• ACTION ITEM: Once the line containing "have kills_mem d" is found in the records below, return it and each following line exactly, up to and including the line containing "by split=> [|i", and nothing else.

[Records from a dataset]
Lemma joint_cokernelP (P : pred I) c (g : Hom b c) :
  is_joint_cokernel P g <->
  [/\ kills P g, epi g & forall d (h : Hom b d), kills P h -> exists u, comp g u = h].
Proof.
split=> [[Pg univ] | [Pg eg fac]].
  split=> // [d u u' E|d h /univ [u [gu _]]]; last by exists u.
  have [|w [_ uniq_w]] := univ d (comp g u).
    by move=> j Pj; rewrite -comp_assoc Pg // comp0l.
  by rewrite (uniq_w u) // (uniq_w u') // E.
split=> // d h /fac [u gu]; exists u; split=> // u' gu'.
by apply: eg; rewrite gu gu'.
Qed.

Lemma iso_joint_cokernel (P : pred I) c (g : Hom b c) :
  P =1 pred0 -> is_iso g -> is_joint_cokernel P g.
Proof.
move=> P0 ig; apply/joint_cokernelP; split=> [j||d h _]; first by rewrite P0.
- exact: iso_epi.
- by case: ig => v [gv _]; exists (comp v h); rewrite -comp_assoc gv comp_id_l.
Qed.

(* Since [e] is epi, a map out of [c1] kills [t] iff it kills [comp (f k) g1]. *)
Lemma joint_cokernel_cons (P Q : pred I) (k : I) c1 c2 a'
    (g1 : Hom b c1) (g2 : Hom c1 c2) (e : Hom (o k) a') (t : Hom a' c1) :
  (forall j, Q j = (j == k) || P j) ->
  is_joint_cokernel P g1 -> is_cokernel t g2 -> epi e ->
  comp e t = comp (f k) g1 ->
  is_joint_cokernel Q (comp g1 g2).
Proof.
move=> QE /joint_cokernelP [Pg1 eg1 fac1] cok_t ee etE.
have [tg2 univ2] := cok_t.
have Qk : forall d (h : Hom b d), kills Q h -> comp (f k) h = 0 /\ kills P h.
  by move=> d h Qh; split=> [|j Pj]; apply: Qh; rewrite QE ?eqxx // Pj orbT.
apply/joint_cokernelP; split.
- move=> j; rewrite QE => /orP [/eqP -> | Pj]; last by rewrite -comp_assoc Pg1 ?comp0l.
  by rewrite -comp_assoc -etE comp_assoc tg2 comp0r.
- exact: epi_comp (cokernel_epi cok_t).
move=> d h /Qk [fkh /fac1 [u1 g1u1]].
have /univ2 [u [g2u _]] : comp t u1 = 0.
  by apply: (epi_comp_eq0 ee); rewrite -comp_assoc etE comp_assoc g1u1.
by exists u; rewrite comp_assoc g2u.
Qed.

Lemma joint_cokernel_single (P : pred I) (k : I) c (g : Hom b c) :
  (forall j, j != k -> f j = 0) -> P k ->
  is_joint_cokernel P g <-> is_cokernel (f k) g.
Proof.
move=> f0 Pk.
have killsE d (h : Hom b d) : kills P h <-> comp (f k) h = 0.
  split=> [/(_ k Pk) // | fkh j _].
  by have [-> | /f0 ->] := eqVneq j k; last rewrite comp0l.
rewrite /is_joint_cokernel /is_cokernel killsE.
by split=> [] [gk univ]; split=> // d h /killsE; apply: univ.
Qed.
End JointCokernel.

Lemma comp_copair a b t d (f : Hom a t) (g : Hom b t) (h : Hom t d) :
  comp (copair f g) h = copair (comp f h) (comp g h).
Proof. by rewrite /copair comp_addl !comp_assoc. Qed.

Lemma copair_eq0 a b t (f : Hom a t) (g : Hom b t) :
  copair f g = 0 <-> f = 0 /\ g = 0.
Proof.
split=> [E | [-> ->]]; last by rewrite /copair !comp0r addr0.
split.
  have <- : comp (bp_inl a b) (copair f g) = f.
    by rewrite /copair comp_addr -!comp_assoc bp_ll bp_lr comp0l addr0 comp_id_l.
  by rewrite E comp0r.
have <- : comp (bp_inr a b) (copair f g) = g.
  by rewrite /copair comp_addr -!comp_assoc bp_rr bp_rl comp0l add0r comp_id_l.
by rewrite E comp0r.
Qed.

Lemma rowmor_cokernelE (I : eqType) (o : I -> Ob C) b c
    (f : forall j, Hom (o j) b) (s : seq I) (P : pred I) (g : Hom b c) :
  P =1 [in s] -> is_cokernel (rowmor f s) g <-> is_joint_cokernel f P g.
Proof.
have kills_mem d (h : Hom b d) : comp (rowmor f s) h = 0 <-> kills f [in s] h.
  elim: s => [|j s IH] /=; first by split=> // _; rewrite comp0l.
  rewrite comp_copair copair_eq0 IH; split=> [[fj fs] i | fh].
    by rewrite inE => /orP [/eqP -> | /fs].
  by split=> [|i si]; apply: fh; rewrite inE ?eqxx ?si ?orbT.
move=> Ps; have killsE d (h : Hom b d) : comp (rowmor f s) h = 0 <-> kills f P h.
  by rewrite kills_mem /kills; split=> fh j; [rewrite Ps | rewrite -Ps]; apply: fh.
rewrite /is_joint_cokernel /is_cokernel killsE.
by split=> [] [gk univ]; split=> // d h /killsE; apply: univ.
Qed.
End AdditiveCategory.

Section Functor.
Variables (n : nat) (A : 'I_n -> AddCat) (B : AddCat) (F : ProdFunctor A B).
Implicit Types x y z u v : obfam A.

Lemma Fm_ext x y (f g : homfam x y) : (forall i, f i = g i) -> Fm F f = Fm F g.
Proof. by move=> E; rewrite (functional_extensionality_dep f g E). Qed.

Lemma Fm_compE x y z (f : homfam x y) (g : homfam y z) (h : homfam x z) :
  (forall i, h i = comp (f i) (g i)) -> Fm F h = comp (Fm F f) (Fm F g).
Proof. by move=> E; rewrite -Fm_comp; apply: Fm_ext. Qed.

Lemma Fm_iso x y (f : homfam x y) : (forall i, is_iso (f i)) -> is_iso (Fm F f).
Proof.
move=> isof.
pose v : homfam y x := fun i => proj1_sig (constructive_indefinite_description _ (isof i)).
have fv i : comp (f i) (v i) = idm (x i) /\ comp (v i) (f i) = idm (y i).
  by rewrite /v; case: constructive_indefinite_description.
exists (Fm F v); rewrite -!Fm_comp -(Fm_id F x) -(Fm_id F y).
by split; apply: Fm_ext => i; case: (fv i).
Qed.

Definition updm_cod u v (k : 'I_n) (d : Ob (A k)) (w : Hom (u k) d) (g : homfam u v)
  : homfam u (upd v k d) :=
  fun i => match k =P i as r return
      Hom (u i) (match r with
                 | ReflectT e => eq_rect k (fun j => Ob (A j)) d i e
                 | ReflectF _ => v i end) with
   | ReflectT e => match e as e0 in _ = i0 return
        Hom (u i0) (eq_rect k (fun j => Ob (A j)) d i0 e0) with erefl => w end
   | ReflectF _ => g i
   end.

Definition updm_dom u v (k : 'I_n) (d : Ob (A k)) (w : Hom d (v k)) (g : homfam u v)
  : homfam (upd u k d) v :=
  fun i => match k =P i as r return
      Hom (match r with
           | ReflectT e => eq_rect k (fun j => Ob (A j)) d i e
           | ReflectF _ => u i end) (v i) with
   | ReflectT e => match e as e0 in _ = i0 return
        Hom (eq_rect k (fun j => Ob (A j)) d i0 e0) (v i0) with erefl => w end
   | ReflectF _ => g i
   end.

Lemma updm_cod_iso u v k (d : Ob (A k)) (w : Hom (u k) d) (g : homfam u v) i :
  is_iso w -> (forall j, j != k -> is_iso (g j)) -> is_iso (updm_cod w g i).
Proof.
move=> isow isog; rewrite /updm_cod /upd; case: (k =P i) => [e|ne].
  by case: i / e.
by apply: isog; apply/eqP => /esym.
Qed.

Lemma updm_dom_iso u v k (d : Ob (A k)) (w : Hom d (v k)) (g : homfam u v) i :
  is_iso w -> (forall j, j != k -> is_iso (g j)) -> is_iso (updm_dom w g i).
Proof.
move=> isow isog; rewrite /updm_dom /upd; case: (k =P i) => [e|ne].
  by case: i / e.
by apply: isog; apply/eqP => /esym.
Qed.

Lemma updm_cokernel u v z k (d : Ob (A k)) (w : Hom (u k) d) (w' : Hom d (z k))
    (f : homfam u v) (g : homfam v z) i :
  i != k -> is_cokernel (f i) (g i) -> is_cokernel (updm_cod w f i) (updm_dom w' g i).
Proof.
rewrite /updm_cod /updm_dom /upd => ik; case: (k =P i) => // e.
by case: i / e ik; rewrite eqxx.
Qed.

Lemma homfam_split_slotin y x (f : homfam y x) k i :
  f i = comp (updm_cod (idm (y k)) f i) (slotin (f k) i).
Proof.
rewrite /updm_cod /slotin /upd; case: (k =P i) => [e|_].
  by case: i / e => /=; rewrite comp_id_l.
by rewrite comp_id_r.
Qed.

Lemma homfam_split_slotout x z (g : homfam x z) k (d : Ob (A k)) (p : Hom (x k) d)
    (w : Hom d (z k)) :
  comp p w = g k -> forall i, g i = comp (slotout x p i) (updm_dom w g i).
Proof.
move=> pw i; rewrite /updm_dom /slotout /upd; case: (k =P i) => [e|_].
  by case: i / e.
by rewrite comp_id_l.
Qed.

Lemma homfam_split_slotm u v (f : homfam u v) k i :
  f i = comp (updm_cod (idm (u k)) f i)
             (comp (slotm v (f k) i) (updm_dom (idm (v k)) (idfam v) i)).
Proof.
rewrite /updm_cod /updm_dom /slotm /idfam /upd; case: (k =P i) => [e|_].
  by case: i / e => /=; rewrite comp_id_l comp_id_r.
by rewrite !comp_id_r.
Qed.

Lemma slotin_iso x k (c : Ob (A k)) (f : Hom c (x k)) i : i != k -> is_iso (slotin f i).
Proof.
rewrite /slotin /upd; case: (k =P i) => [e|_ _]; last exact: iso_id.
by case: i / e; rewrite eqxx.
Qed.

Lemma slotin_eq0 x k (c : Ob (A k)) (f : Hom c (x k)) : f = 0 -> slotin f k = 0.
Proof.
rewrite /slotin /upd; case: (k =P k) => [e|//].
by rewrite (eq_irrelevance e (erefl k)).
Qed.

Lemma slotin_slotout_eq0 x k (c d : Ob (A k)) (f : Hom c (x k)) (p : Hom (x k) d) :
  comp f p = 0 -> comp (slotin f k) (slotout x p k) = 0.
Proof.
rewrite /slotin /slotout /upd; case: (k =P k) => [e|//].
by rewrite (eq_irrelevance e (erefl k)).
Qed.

==

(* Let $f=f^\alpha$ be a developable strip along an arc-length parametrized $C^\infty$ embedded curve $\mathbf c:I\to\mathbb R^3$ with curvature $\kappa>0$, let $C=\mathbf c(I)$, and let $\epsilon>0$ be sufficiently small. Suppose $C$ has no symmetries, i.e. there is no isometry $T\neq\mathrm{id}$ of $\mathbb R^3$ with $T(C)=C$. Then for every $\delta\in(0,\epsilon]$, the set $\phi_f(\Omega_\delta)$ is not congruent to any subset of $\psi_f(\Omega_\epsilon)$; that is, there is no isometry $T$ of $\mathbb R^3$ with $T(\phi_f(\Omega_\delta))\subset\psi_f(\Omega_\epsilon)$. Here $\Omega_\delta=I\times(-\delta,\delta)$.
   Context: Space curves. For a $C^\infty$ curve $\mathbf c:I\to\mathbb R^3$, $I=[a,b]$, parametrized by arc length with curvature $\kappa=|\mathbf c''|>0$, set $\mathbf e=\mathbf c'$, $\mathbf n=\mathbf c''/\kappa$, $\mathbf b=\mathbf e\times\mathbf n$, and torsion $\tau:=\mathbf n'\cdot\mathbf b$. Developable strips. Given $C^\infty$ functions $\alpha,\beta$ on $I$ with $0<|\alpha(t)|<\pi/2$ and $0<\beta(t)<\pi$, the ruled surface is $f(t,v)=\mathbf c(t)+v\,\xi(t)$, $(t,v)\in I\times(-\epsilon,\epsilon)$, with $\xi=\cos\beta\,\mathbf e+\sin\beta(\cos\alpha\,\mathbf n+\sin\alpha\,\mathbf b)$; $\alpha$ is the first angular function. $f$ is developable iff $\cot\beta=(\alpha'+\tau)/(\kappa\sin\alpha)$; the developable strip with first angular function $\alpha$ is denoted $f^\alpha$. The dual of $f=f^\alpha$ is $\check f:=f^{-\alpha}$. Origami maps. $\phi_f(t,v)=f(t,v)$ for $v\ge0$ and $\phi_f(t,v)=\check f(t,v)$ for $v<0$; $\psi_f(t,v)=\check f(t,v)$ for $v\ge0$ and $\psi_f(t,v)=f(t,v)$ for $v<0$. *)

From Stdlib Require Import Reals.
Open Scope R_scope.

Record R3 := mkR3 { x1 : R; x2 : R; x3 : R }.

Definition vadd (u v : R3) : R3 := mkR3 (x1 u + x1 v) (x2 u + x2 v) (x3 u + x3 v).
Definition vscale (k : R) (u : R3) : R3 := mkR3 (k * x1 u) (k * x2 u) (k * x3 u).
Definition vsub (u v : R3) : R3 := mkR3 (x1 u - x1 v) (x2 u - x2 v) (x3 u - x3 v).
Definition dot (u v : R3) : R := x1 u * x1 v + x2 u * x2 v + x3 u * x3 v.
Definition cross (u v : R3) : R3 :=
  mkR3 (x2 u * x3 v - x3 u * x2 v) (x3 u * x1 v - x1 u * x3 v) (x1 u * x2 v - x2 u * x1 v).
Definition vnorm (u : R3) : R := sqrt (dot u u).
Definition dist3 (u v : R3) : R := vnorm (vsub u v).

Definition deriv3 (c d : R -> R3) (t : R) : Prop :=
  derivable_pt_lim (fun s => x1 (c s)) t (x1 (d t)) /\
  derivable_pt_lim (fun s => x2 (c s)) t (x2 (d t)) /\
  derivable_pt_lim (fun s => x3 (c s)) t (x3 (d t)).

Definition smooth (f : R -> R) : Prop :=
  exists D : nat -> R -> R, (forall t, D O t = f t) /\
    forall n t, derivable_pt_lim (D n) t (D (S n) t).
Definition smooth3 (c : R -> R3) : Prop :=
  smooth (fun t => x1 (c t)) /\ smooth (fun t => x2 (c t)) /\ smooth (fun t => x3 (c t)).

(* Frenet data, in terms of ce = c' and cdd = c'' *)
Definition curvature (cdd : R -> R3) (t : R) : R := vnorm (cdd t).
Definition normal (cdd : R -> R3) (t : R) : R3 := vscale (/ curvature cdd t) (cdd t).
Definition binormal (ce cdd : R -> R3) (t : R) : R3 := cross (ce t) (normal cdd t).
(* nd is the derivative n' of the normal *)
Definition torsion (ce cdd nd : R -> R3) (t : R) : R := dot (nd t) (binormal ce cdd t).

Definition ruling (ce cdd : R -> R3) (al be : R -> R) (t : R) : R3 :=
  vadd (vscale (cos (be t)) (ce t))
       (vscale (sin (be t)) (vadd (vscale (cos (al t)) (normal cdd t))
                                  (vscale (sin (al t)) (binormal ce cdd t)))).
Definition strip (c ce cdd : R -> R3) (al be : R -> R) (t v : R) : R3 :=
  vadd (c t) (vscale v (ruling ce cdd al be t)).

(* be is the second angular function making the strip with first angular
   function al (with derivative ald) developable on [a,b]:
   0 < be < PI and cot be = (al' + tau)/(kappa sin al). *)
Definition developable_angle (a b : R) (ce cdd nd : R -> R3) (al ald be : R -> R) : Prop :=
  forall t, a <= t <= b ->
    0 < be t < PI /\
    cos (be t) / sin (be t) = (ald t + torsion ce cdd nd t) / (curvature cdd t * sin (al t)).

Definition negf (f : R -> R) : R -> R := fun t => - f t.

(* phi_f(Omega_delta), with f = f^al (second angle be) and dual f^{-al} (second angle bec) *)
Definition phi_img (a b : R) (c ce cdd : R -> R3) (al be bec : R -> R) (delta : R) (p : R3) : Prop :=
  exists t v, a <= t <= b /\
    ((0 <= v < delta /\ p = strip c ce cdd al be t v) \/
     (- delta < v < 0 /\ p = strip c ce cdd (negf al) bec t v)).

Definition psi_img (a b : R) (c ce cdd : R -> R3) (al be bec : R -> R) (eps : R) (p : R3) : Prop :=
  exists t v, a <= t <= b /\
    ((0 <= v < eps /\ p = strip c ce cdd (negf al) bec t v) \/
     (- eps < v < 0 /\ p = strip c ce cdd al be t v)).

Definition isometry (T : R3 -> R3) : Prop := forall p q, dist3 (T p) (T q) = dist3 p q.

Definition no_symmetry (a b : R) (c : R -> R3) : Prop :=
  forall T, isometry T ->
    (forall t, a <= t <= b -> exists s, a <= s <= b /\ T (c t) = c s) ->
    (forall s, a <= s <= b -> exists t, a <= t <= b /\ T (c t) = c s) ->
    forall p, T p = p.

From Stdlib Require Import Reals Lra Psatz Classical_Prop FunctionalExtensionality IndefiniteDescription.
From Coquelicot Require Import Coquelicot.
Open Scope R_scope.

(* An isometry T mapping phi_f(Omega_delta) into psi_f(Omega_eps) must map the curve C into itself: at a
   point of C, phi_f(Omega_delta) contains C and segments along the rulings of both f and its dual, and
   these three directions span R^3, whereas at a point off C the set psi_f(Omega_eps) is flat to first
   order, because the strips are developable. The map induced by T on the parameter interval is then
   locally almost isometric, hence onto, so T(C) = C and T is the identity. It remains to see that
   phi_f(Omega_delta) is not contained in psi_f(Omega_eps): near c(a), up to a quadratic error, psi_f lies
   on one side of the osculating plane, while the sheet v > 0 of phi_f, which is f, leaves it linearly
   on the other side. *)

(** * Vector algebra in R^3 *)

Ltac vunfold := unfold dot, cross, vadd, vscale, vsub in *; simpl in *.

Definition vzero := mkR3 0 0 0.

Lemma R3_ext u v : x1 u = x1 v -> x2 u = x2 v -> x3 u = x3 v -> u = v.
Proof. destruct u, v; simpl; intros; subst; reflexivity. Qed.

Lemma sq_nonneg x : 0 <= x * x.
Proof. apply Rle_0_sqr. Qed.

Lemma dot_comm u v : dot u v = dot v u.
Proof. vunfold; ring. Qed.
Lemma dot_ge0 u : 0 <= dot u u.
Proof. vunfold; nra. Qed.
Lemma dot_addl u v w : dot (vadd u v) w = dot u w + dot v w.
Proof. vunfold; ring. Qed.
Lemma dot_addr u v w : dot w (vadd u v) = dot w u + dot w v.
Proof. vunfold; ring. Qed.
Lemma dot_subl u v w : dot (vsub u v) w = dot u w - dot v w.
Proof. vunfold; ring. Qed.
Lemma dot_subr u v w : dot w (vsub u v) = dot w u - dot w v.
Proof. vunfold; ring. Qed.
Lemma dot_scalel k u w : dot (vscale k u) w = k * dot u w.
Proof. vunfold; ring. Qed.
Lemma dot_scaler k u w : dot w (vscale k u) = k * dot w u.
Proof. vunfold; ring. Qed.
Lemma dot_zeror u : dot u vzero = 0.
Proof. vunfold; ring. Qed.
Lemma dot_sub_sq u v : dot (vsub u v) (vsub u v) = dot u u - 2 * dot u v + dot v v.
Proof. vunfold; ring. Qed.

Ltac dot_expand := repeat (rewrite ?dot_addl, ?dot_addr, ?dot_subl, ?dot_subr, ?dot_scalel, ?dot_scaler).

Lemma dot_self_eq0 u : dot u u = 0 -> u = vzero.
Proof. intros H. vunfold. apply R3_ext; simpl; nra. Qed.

---

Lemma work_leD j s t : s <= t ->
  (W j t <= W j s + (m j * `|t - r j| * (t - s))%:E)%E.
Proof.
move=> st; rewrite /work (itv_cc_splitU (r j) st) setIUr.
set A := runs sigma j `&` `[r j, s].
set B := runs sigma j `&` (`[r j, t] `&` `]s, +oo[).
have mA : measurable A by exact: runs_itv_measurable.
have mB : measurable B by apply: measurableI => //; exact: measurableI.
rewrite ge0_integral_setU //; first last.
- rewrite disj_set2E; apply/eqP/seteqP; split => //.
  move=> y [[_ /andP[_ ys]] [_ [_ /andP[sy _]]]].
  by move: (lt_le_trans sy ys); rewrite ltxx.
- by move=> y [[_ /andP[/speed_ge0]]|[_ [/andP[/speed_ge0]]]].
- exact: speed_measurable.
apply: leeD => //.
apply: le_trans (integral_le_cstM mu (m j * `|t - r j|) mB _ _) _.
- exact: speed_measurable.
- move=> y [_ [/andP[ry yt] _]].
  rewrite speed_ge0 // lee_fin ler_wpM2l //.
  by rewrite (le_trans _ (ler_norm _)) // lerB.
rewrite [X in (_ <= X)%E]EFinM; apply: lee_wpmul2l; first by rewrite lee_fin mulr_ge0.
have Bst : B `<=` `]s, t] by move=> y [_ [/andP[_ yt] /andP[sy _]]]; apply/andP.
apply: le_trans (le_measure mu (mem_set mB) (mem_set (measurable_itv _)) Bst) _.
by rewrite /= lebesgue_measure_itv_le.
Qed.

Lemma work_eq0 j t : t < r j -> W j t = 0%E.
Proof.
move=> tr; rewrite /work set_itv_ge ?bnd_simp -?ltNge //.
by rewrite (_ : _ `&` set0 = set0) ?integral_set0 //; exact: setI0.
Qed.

• SOLUTION TO THIS EXERCISE:
have kills_mem d (h : Hom b d) : comp (rowmor f s) h = 0 <-> kills f [in s] h.
  elim: s => [|j s IH] /=; first by split=> // _; rewrite comp0l.
  rewrite comp_copair copair_eq0 IH; split=> [[fj fs] i | fh].
    by rewrite inE => /orP [/eqP -> | /fs].
  by split=> [|i si]; apply: fh; rewrite inE ?eqxx ?si ?orbT.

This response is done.